Dibalik Polemik Tambang di Lahan IUP Kepala Burung, Keberadaan Dirut SDM PT Timah Dipertanyakan

Bangka, SalamWaras— Aroma ketidakadilan tercium dari ruang Banmus DPRD Provinsi Kepulauan Bangka Belitung. Puluhan penambang rakyat dari sejumlah desa di Kecamatan Bakam mendesak DPRD Babel agar memperjuangkan hak mereka menambang di lahan IUP PT Timah Tbk yang berada di kawasan perkebunan sawit PT GML, tepatnya di wilayah Kepala Burung, Bukit Layang.

Dalam Rapat Dengar Pendapat (RDP) yang dipimpin Ketua DPRD Babel Didit Srigusjaya, terungkap fakta mencengangkan: PT Timah hanya menunjuk satu mitra, CV Tri Mustika Resource (TMR), untuk beroperasi di kawasan seluas lebih dari 400 hektar.

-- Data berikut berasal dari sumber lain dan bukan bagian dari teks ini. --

Lemma potential_sinit_le : potential sinit <= 2 * step_budget * N%:R.
Proof.
have N_ge1 : 1 <= N%:R :> R by rewrite ler1n lt0n; apply: contraTneq halts_by_N => ->.
have := step_budget_ge1; rewrite /potential /= subn0.
by have -> : step_budget = write_budget + 1 by []; nra.
Qed.

Lemma simulator_output o hs : dtm_output s blank delta x o ->
  halts_exactly M x hs -> (0 < sqnorm M (qrun M x hs).2)%E ->
  qout_is M (qrun M x hs).1.1.1 (qrun M x hs).2 (map_out id o).
Proof.
move=> [k dk] /andP [halted_hs _]; rewrite halted_qrun in halted_hs.
rewrite (sqnorm_halted halted_hs) lte_fin qrun_srun.
move: halted_hs (consistent_srun hs); rewrite /stopped.
case: (srun hs) => [[q0|hh] tau h T lam j] //= _ cons.
rewrite /weight /scrambled /= mulr1 => lam_pos.
have lam0 : lam != 0 by apply: contraTneq lam_pos => ->; rewrite expr0n ltxx.
move: dk; case dk: (drun k) => [[[q|hk] t] h'] // out.
have [<- <- <-] : (inr hk, t, h') = (inr hh, T, h) :> dconfig K Sig.
  by rewrite -dk -(cons lam0); apply: drun_halted_eq; rewrite ?dk ?(cons lam0).
case: hk out {dk cons} => [->|->|[w [-> contents]]] //=.
exists (map id w); split => //; exists t, (lam%:C)%C; split.
- by apply/negP => /eqP/(congr1 (@complex.Re R)) /= lam_eq0; rewrite lam_eq0 eqxx in lam0.
- by rewrite /amp /scrambled /= eqxx mulr1.
- by move=> t' /negbTE t't; rewrite /amp /scrambled /= t't mulr0.
- by rewrite map_id.
Qed.

End Simulation.

Theorem theorem5 (R : realType) (K Sig : finType) (s : K) (blank : Sig)
    (delta : K -> Sig -> (K + hstate) * Sig * dir) (f : nat -> nat) :
  dtm_time s blank delta f ->
  exists (M' : CQTM R) (emb : Sig -> qSQ M'),
    [/\ is_MQTM M', injective emb, emb blank = qblank M',
        (exists (c : R) (N : nat), forall x : seq Sig, valid_input blank x ->
            (N <= size x)%N ->
            (expected_time M' (map emb x) <= (c * (f (size x))%:R)%:E)%E)
      & forall (x : seq Sig) (o : tm_out Sig), valid_input blank x ->
          dtm_output s blank delta x o -> cqtm_output M' (map emb x) (map_out emb o)].
Proof.
move=> time_f; exists (simulator R s blank delta), id; split => //.
- exact: simulator_MQTM.
- exists (2 * step_budget R Sig), 0%N => x valid _; rewrite map_id.
  apply: le_trans (simulator_expected_time R (time_f x valid)) _.
  by rewrite lee_fin (potential_sinit_le R (time_f x valid)).
- move=> x o valid out; rewrite map_id; split.
    by apply: simulator_halts_as (time_f x valid).
  by move=> hs; apply: simulator_output.
Qed.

Sementara itu, penambang rakyat dibiarkan menggantung — peralatan mereka sudah lama terparkir di lokasi tanpa kepastian kapan bisa mulai bekerja. Ironisnya, mitra PT Timah justru sudah menambang lebih dari tiga bulan dan diduga telah mengantongi ratusan ton pasir timah dengan dalih izin uji coba.

Bacaan Lainnya

Anggota DPRD Babel dari Dapil Bangka, Himmah Ollivia, menilai kebijakan PT Timah dan mitranya diskriminatif serta berpotensi memicu konflik horizontal.

“PT Timah wajib mengakomodir penambang lokal. Jangan hanya memberi ruang kepada satu mitra. Apalagi harga beli pasir timah rakyat ditekan rendah dengan alasan ganti rugi kepada PT GML. Padahal, PT GML justru berkebun di atas IUP milik PT Timah,” tegas Himmah.

Ia menambahkan, PT GML selama ini belum memenuhi kewajiban plasma 20 persen bagi rakyat, sebagaimana diatur dalam regulasi perkebunan, sehingga tak pantas menagih ganti rugi kepada penambang rakyat.

“Kalau mau jujur, justru PT GML yang harus bayar kompensasi ke PT Timah, bukan sebaliknya,” ujarnya tajam.

Ketua DPRD Babel Didit Srigusjaya menegaskan bahwa DPRD hadir untuk mencari solusi konkret.

“Kami ingin memastikan aspirasi penambang rakyat terakomodir, agar mereka bisa bekerja secara legal, tertib, dan tanpa konflik,” ucapnya.

Namun, suara masyarakat dari Desa Bukit Layang menyiratkan luka yang dalam.
M. Daud, warga setempat, menyebut warga justru dihalangi ketika ingin menambang di wilayah mereka sendiri.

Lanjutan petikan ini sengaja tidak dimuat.